◆ **What you are asked to do**
The response should consist of every record, reproduced exactly.
[Start of Attachment]
(* Let $n>5$ be prime, and let $v(t)$ be the random walk on $\mathbb{Z}_n$ whose step distribution is uniform over a finite multiset $\Gamma$ of elements of $\mathbb{Z}_n$. If the drift $D(\Gamma)=\sum_{k\in\Gamma}k$ (sum with multiplicity, computed in $\mathbb{Z}_n$) is nonzero, then $v(t)$ is reconstructive.
   Context: The step distribution uniform over the multiset $\Gamma$ assigns to $k$ the probability (multiplicity of $k$ in $\Gamma$)/$|\Gamma|$. The random walk $v(t)$ has $v(1)$ uniform on $\mathbb{Z}_n$ and independent steps with this distribution. A labeling is $f:\mathbb{Z}_n\to\{0,1\}$. The walk is reconstructive if, for any two labelings $f_1,f_2$, the distributions of $\{f_1(v(t))\}_{t\ge1}$ and $\{f_2(v(t))\}_{t\ge1}$ coincide only if there is $\ell\in\mathbb{Z}_n$ with $f_1(k)=f_2(k+\ell)$ for all $k$. *)

From mathcomp Require Import all_boot all_order all_algebra.
Set Implicit Arguments. Unset Strict Implicit. Unset Printing Implicit Defensive.
Import Order.TTheory GRing.Theory Num.Theory.
Local Open Scope ring_scope.

(* Random walk on 'Z_n with step distribution uniform over the multiset
   Gam (a seq, multiplicities counted), labeling f : 'Z_n -> bool.

   label_prob Gam f x w = probability that, starting at x, the observed labels
   f(v(1)), ..., f(v(|w|)) equal the word w. *)
Fixpoint label_prob (n : nat) (Gam : seq 'Z_n) (f : 'Z_n -> bool) (x : 'Z_n)
    (w : seq bool) : rat :=
  match w with
  | [::] => 1
  | b :: w' =>
      if f x == b then
        (size Gam)%:R^-1 * \sum_(g <- Gam) label_prob Gam f (x + g) w'
      else 0
  end.

(* Law of the label process with v(1) uniform on 'Z_n: the probability of
   each finite prefix (finite-dimensional distributions; these determine the
   distribution of the infinite sequence). *)
Definition label_law (n : nat) (Gam : seq 'Z_n) (f : 'Z_n -> bool)
    (w : seq bool) : rat :=
  #|{: 'Z_n}|%:R^-1 * \sum_(x : 'Z_n) label_prob Gam f x w.

Definition same_label_law (n : nat) (Gam : seq 'Z_n) (f1 f2 : 'Z_n -> bool) :=
  forall w : seq bool, label_law Gam f1 w = label_law Gam f2 w.

Definition reconstructive (n : nat) (Gam : seq 'Z_n) : Prop :=
  forall f1 f2 : 'Z_n -> bool, same_label_law Gam f1 f2 ->
    exists l : 'Z_n, forall k : 'Z_n, f1 k = f2 (k + l).

Definition drift (n : nat) (Gam : seq 'Z_n) : 'Z_n := \sum_(k <- Gam) k.

From mathcomp Require Import all_boot all_order all_algebra all_field.
From mathcomp Require Import ring.
Set Implicit Arguments. Unset Strict Implicit. Unset Printing Implicit Defensive.
Import Order.TTheory GRing.Theory Num.Theory.
Local Open Scope ring_scope.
[End of Attachment]
◆ **Exercise result**
(* Let $n>5$ be prime, and let $v(t)$ be the random walk on $\mathbb{Z}_n$ whose step distribution is uniform over a finite multiset $\Gamma$ of elements of $\mathbb{Z}_n$. If the drift $D(\Gamma)=\sum_{k\in\Gamma}k$ (sum with multiplicity, computed in $\mathbb{Z}_n$) is nonzero, then $v(t)$ is reconstructive.
   Context: The step distribution uniform over the multiset $\Gamma$ assigns to $k$ the probability (multiplicity of $k$ in $\Gamma$)/$|\Gamma|$. The random walk $v(t)$ has $v(1)$ uniform on $\mathbb{Z}_n$ and independent steps with this distribution. A labeling is $f:\mathbb{Z}_n\to\{0,1\}$. The walk is reconstructive if, for any two labelings $f_1,f_2$, the distributions of $\{f_1(v(t))\}_{t\ge1}$ and $\{f_2(v(t))\}_{t\ge1}$ coincide only if there is $\ell\in\mathbb{Z}_n$ with $f_1(k)=f_2(k+\ell)$ for all $k$. *)

From mathcomp Require Import all_boot all_order all_algebra.
Set Implicit Arguments. Unset Strict Implicit. Unset Printing Implicit Defensive.
Import Order.TTheory GRing.Theory Num.Theory.
Local Open Scope ring_scope.

(* Random walk on 'Z_n with step distribution uniform over the multiset
   Gam (a seq, multiplicities counted), labeling f : 'Z_n -> bool.

   label_prob Gam f x w = probability that, starting at x, the observed labels
   f(v(1)), ..., f(v(|w|)) equal the word w. *)
Fixpoint label_prob (n : nat) (Gam : seq 'Z_n) (f : 'Z_n -> bool) (x : 'Z_n)
    (w : seq bool) : rat :=
  match w with
  | [::] => 1
  | b :: w' =>
      if f x == b then
        (size Gam)%:R^-1 * \sum_(g <- Gam) label_prob Gam f (x + g) w'
      else 0
  end.

(* Law of the label process with v(1) uniform on 'Z_n: the probability of
   each finite prefix (finite-dimensional distributions; these determine the
   distribution of the infinite sequence). *)
Definition label_law (n : nat) (Gam : seq 'Z_n) (f : 'Z_n -> bool)
    (w : seq bool) : rat :=
  #|{: 'Z_n}|%:R^-1 * \sum_(x : 'Z_n) label_prob Gam f x w.

Definition same_label_law (n : nat) (Gam : seq 'Z_n) (f1 f2 : 'Z_n -> bool) :=
  forall w : seq bool, label_law Gam f1 w = label_law Gam f2 w.

Definition reconstructive (n : nat) (Gam : seq 'Z_n) : Prop :=
  forall f1 f2 : 'Z_n -> bool, same_label_law Gam f1 f2 ->
    exists l : 'Z_n, forall k : 'Z_n, f1 k = f2 (k + l).

Definition drift (n : nat) (Gam : seq 'Z_n) : 'Z_n := \sum_(k <- Gam) k.

From mathcomp Require Import all_boot all_order all_algebra all_field.
From mathcomp Require Import ring.
Set Implicit Arguments. Unset Strict Implicit. Unset Printing Implicit Defensive.
Import Order.TTheory GRing.Theory Num.Theory.
Local Open Scope ring_scope.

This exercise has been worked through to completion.